[[ THE DATA open ]]
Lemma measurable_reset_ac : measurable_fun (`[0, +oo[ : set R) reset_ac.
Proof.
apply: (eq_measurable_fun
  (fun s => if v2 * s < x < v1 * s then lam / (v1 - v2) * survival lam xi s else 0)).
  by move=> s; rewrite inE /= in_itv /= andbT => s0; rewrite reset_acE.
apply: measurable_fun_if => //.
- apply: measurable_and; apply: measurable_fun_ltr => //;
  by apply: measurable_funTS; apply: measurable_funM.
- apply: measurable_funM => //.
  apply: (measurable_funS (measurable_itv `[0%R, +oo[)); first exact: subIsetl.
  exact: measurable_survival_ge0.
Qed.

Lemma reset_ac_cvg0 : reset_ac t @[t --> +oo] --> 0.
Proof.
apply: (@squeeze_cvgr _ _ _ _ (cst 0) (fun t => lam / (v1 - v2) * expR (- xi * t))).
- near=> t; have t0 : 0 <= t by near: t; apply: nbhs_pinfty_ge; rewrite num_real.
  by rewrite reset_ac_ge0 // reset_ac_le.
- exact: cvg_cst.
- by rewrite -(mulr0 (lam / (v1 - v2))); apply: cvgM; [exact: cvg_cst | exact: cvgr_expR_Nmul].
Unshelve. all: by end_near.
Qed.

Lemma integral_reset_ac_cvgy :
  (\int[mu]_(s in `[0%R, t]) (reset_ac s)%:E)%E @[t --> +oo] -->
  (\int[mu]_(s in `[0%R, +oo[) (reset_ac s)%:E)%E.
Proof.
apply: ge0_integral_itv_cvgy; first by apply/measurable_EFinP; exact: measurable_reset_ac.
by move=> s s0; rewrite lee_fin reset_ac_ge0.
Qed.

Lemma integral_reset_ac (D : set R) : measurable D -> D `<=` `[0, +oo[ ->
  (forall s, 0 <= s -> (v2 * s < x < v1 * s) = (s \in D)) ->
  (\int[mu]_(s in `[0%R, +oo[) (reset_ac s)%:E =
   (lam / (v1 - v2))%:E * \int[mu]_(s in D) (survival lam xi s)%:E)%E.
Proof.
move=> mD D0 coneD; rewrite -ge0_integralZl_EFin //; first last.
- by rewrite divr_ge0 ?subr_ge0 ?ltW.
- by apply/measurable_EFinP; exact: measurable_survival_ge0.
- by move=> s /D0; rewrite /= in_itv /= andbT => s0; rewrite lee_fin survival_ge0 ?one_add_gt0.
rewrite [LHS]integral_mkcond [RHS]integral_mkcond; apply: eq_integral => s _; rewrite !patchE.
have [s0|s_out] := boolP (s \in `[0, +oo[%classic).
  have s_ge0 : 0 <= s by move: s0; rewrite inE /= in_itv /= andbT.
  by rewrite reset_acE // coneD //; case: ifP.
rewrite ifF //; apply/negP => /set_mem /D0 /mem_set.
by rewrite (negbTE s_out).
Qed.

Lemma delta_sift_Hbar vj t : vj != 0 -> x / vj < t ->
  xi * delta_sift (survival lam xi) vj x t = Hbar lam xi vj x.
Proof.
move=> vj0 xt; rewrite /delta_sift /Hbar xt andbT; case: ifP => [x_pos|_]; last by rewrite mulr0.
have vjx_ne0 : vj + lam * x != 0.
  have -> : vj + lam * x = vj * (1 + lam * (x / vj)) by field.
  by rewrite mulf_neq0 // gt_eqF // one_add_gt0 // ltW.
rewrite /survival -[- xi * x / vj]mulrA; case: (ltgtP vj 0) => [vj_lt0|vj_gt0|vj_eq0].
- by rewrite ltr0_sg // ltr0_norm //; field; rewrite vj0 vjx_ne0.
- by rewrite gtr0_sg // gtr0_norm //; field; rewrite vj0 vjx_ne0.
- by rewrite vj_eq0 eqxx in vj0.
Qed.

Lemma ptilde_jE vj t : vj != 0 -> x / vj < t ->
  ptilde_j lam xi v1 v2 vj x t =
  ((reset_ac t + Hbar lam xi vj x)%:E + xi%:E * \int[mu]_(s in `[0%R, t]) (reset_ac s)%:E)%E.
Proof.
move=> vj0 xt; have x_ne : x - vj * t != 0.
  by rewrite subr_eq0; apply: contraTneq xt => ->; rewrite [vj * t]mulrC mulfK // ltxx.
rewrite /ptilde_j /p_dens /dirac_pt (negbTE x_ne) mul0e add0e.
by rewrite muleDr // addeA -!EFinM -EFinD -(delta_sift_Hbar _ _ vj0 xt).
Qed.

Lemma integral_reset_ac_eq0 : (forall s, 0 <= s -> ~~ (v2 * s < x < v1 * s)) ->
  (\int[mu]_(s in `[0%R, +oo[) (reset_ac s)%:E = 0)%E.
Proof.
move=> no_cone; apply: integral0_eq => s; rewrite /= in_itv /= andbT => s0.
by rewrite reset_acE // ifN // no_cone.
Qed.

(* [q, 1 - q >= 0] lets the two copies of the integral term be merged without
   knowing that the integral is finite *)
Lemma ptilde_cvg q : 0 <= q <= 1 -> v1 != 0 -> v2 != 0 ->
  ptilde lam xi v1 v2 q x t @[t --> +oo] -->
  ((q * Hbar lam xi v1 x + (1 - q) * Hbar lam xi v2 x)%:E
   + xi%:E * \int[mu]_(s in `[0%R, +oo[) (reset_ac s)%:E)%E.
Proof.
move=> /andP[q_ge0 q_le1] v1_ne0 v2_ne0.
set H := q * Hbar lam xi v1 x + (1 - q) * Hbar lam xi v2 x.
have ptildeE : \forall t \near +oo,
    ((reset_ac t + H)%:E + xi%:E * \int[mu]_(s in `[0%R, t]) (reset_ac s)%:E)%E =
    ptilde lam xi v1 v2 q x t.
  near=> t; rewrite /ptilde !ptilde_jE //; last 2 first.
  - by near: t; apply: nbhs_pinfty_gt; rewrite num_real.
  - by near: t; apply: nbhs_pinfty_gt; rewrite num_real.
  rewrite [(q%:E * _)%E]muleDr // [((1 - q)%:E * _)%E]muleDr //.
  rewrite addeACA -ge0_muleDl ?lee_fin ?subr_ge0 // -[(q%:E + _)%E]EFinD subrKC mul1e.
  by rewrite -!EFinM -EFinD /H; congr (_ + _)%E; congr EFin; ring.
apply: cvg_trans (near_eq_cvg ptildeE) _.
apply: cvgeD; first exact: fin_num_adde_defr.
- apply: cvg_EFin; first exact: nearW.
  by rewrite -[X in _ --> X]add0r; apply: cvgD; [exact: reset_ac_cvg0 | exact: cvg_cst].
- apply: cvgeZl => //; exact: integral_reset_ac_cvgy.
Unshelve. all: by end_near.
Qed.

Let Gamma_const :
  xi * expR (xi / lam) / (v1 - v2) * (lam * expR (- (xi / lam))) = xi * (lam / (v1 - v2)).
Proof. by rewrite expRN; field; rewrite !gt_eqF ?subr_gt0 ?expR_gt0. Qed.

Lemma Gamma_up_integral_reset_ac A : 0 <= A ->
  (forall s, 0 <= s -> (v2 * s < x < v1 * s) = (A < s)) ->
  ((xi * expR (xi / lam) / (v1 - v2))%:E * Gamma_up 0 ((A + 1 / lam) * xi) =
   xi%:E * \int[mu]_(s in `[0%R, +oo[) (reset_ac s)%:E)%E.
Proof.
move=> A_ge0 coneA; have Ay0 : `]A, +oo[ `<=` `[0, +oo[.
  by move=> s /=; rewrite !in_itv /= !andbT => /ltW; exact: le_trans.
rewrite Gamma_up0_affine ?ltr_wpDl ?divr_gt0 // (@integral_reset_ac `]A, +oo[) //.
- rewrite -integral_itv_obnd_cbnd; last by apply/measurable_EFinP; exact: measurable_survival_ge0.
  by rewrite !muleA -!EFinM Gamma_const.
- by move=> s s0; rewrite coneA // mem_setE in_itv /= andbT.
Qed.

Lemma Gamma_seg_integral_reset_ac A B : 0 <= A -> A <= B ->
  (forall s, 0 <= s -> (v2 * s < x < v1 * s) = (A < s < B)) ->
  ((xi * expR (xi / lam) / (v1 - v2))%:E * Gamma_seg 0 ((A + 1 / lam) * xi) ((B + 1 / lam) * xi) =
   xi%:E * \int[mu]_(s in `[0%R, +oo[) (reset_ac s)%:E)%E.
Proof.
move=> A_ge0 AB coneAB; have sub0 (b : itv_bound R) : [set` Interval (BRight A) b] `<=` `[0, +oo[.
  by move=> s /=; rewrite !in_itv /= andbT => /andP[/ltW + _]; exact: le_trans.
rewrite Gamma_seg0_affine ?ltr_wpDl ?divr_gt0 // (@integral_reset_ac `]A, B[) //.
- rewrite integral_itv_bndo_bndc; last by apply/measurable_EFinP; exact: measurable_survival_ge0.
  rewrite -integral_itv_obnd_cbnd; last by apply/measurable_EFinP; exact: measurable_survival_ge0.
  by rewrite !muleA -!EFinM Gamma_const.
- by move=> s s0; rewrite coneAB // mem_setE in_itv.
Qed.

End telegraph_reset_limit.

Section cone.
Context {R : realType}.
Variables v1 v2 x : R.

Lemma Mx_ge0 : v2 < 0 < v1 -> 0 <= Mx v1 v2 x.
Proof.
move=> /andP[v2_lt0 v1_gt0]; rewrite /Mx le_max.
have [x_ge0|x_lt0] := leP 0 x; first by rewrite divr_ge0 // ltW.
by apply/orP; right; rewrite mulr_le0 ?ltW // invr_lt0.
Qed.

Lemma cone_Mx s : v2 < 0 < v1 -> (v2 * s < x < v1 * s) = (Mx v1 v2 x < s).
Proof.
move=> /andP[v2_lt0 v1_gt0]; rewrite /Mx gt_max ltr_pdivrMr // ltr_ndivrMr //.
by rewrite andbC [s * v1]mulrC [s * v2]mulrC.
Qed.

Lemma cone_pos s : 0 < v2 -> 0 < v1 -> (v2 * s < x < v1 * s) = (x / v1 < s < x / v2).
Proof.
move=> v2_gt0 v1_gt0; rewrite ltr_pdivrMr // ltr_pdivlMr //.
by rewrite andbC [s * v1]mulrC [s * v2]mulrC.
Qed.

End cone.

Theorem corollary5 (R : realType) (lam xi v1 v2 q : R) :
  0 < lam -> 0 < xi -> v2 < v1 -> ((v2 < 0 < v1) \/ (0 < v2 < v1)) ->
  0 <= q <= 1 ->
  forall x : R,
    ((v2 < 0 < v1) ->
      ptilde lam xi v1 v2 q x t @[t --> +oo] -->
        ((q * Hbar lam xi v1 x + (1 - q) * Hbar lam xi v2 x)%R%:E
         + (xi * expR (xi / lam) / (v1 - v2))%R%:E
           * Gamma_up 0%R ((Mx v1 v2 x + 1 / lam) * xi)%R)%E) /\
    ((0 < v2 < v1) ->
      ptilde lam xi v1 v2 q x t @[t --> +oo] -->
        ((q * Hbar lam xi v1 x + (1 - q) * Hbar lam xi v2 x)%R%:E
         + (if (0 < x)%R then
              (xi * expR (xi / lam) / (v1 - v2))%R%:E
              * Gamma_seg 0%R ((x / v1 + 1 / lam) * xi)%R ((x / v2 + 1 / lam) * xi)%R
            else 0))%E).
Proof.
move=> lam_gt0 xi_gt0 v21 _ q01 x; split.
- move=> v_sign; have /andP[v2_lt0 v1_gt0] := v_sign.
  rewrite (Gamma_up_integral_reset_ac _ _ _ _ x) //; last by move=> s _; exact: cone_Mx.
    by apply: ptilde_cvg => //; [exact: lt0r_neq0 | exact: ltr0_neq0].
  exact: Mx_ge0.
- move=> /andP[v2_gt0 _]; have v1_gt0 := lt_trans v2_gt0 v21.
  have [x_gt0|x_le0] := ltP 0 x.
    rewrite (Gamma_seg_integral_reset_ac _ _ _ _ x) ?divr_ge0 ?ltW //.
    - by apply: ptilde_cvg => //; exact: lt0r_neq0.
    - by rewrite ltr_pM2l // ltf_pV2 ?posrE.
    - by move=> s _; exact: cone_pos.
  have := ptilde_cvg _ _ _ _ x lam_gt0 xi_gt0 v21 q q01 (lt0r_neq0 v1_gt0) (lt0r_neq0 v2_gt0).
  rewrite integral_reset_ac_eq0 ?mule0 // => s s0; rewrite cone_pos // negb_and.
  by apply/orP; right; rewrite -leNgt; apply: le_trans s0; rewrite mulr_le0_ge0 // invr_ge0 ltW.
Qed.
[[ THE DATA closed ]]
[[ THE DATA open ]]
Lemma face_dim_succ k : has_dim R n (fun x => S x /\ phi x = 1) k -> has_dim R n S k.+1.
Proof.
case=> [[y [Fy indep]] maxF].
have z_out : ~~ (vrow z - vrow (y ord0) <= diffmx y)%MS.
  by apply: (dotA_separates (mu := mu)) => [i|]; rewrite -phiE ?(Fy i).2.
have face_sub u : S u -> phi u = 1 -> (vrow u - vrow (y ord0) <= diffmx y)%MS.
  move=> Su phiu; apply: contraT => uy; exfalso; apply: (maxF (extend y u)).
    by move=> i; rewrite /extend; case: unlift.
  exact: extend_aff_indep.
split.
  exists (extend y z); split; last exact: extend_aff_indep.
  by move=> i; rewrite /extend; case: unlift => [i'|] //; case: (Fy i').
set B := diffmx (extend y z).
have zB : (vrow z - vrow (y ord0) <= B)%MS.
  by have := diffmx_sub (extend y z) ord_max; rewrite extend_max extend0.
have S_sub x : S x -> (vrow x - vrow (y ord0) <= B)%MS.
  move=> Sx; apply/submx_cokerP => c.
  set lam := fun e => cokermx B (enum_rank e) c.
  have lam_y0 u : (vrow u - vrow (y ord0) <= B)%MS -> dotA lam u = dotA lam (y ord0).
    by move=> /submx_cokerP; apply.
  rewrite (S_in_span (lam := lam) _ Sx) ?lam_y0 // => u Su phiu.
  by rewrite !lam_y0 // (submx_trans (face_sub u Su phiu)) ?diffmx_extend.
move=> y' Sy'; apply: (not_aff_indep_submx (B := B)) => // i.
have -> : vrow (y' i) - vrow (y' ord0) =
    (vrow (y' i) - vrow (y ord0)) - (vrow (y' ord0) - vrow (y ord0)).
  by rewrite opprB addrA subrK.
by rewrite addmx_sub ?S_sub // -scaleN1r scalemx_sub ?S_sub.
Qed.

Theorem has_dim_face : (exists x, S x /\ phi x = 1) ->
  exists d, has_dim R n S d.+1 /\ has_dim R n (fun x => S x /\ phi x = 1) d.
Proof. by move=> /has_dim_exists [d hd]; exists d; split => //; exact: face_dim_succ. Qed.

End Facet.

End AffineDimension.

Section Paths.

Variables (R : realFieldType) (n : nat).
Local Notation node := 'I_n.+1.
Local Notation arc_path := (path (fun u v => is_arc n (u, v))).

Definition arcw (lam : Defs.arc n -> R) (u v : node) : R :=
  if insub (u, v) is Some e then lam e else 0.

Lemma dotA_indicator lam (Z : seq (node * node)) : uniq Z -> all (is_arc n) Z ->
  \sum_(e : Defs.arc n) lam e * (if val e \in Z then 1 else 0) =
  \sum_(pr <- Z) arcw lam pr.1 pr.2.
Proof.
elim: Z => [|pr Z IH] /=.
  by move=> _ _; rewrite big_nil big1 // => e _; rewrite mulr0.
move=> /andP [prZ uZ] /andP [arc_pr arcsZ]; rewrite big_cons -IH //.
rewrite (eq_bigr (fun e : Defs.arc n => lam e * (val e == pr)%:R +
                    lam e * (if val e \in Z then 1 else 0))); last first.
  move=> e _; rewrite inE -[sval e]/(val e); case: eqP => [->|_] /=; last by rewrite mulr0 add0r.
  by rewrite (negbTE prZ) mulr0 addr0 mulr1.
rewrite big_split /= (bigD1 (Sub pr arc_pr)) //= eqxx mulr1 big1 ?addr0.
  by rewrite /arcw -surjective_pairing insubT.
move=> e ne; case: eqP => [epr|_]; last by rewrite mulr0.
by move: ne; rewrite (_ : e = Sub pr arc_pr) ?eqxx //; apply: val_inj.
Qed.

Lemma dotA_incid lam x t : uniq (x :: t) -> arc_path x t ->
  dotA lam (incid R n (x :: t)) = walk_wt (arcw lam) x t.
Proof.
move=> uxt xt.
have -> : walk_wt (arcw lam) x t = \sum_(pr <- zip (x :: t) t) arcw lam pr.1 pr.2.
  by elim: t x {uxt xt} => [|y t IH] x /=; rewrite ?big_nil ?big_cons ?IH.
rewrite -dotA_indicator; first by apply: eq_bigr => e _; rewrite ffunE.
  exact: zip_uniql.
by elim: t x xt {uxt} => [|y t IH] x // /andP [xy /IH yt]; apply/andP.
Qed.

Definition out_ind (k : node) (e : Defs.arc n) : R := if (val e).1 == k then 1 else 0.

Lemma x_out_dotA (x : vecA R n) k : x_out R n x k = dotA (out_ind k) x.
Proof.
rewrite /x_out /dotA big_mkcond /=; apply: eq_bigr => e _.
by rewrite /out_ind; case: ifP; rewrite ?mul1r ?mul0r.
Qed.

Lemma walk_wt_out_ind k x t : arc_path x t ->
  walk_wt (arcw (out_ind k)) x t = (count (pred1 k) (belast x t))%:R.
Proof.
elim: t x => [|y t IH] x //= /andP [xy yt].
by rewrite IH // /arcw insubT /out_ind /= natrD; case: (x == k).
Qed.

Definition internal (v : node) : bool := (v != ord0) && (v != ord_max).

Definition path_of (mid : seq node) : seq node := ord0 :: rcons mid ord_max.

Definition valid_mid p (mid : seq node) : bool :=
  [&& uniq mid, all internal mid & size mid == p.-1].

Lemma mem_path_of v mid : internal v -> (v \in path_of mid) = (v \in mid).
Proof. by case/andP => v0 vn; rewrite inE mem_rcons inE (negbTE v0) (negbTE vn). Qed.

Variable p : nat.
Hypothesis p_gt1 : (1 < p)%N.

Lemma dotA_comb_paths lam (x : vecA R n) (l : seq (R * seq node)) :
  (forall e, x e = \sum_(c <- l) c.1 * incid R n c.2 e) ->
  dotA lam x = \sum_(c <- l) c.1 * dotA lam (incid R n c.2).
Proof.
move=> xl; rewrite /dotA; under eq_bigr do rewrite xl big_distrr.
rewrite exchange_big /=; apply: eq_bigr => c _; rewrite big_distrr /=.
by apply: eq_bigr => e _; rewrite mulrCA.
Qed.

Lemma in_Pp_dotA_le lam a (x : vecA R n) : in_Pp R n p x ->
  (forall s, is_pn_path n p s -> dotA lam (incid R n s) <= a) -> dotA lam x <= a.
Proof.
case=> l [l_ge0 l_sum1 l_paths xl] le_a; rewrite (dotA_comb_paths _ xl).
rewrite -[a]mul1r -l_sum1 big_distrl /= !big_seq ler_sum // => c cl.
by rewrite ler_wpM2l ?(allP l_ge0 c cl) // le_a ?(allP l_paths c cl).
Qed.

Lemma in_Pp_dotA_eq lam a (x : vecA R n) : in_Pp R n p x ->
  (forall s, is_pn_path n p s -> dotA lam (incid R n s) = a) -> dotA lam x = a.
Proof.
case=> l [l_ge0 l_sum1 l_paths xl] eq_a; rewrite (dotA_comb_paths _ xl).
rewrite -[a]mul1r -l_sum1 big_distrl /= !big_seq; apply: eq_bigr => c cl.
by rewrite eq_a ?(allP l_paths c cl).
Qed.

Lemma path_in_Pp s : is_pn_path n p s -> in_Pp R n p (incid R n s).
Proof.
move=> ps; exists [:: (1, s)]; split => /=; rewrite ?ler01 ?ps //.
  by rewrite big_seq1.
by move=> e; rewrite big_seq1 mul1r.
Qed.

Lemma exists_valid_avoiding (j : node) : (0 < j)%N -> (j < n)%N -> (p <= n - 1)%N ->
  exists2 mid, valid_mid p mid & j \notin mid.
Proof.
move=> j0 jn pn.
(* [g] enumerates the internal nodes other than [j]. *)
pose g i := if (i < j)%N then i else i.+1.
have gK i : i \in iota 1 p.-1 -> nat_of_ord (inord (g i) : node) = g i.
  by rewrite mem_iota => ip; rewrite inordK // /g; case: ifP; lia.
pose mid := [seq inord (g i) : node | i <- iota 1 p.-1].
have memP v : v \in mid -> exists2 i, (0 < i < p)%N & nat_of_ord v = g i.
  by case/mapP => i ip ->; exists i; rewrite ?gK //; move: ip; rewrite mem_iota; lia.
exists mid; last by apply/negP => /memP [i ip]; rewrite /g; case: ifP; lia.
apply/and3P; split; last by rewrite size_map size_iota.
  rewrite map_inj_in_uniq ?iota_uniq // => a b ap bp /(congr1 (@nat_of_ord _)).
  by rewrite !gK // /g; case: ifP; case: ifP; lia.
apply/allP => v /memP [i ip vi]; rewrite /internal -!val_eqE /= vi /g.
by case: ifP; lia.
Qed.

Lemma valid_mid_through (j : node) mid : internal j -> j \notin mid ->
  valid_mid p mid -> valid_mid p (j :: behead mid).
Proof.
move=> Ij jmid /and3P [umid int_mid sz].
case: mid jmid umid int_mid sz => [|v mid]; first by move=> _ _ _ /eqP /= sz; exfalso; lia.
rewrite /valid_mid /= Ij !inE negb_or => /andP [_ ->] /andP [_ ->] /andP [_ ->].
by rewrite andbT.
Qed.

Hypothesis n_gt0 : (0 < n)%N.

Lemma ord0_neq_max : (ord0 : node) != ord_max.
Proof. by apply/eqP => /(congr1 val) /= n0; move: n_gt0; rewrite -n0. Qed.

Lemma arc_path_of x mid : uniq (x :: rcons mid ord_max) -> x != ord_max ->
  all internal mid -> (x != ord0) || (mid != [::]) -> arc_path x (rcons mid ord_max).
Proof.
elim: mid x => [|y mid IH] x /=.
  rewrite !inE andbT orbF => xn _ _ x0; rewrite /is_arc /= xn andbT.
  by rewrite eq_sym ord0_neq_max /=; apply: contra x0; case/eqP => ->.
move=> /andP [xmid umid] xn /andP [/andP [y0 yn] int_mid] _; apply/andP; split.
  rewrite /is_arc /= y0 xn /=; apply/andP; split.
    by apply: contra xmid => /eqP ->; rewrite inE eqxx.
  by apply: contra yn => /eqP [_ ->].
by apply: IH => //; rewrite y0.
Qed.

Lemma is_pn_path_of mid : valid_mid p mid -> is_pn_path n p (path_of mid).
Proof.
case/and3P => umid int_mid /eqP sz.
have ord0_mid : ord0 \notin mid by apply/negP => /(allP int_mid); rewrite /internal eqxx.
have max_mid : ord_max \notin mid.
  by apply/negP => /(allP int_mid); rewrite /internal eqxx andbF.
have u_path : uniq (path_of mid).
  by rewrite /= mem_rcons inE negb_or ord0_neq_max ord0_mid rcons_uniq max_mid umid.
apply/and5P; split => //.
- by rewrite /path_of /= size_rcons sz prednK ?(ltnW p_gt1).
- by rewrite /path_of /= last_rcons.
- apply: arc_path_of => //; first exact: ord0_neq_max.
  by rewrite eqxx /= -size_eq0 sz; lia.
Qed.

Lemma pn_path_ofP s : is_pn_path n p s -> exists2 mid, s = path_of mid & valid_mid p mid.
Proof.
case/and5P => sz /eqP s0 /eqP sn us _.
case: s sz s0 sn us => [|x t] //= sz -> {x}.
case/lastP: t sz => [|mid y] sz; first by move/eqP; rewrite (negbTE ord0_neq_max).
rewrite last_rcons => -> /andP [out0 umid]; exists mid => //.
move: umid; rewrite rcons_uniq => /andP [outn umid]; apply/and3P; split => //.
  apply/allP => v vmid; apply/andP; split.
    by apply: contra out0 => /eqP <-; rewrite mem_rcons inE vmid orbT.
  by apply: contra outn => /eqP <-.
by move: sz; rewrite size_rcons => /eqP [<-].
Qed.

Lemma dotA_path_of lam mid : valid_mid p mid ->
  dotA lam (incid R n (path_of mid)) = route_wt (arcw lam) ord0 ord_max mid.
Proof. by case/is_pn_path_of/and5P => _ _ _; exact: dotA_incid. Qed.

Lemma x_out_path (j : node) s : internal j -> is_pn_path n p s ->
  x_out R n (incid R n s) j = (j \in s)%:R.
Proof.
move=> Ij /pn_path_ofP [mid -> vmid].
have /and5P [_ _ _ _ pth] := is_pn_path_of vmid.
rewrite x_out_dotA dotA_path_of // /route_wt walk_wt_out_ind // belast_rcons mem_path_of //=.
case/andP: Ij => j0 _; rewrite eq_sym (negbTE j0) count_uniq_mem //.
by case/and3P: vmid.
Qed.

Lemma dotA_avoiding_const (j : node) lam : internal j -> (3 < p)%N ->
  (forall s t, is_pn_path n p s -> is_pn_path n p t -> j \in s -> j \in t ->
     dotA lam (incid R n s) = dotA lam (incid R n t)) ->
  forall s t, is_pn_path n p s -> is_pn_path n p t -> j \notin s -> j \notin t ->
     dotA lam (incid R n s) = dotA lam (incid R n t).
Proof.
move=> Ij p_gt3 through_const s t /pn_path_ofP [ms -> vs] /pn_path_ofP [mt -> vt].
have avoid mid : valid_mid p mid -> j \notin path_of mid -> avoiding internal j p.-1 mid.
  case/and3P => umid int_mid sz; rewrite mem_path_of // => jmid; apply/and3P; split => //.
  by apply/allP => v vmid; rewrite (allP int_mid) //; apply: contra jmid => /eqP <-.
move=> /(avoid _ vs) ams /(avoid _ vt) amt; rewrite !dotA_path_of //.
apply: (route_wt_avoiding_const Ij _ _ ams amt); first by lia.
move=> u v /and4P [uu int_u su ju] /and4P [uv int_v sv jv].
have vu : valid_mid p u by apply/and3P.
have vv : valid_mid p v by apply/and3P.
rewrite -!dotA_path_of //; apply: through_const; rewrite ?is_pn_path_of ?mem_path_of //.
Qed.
[[ THE DATA closed ]]
[[ THE DATA open ]]
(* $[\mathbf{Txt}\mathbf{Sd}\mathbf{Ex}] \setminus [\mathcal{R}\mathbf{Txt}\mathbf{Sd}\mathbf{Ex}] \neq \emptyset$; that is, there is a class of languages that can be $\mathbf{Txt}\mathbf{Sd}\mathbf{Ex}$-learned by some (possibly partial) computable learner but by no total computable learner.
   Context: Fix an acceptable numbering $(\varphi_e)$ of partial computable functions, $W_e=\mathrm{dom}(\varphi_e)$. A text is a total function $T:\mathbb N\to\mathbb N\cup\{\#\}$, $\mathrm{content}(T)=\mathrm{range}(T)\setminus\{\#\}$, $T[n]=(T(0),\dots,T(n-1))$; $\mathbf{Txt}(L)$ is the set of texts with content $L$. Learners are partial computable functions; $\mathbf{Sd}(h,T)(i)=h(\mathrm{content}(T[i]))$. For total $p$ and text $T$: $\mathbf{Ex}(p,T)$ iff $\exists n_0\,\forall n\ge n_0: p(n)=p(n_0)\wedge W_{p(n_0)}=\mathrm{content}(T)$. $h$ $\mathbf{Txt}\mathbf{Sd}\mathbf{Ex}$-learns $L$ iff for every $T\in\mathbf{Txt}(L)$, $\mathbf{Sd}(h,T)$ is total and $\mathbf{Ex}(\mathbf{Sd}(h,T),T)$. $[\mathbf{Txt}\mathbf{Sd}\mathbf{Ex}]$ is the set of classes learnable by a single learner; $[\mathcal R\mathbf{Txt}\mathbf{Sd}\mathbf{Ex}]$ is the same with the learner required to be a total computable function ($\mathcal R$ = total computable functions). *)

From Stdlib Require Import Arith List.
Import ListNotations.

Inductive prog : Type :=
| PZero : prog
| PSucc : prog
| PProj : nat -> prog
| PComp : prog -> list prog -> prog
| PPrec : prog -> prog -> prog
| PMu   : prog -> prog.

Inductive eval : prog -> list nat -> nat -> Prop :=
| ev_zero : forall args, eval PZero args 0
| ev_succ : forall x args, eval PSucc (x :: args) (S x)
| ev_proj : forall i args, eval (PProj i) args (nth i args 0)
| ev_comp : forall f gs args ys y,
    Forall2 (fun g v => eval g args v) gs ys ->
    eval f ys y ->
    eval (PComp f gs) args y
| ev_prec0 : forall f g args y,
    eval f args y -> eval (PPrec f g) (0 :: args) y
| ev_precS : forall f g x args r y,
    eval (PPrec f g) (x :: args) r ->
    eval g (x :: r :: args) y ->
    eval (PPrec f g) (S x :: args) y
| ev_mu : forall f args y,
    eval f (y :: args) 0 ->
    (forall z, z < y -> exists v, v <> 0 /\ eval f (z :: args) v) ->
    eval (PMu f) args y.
[[ THE DATA closed ]]
Given the records above, return exactly the lines starting at the line containing "(reset_ac s)%:E = 0)%E." and ending at the line containing "knowing that the integral is finite *)", including both.

● **ANSWER BOX**:
  (\int[mu]_(s in `[0%R, +oo[) (reset_ac s)%:E = 0)%E.
Proof.
move=> no_cone; apply: integral0_eq => s; rewrite /= in_itv /= andbT => s0.
by rewrite reset_acE // ifN // no_cone.
Qed.

(* [q, 1 - q >= 0] lets the two copies of the integral term be merged without
   knowing that the integral is finite *)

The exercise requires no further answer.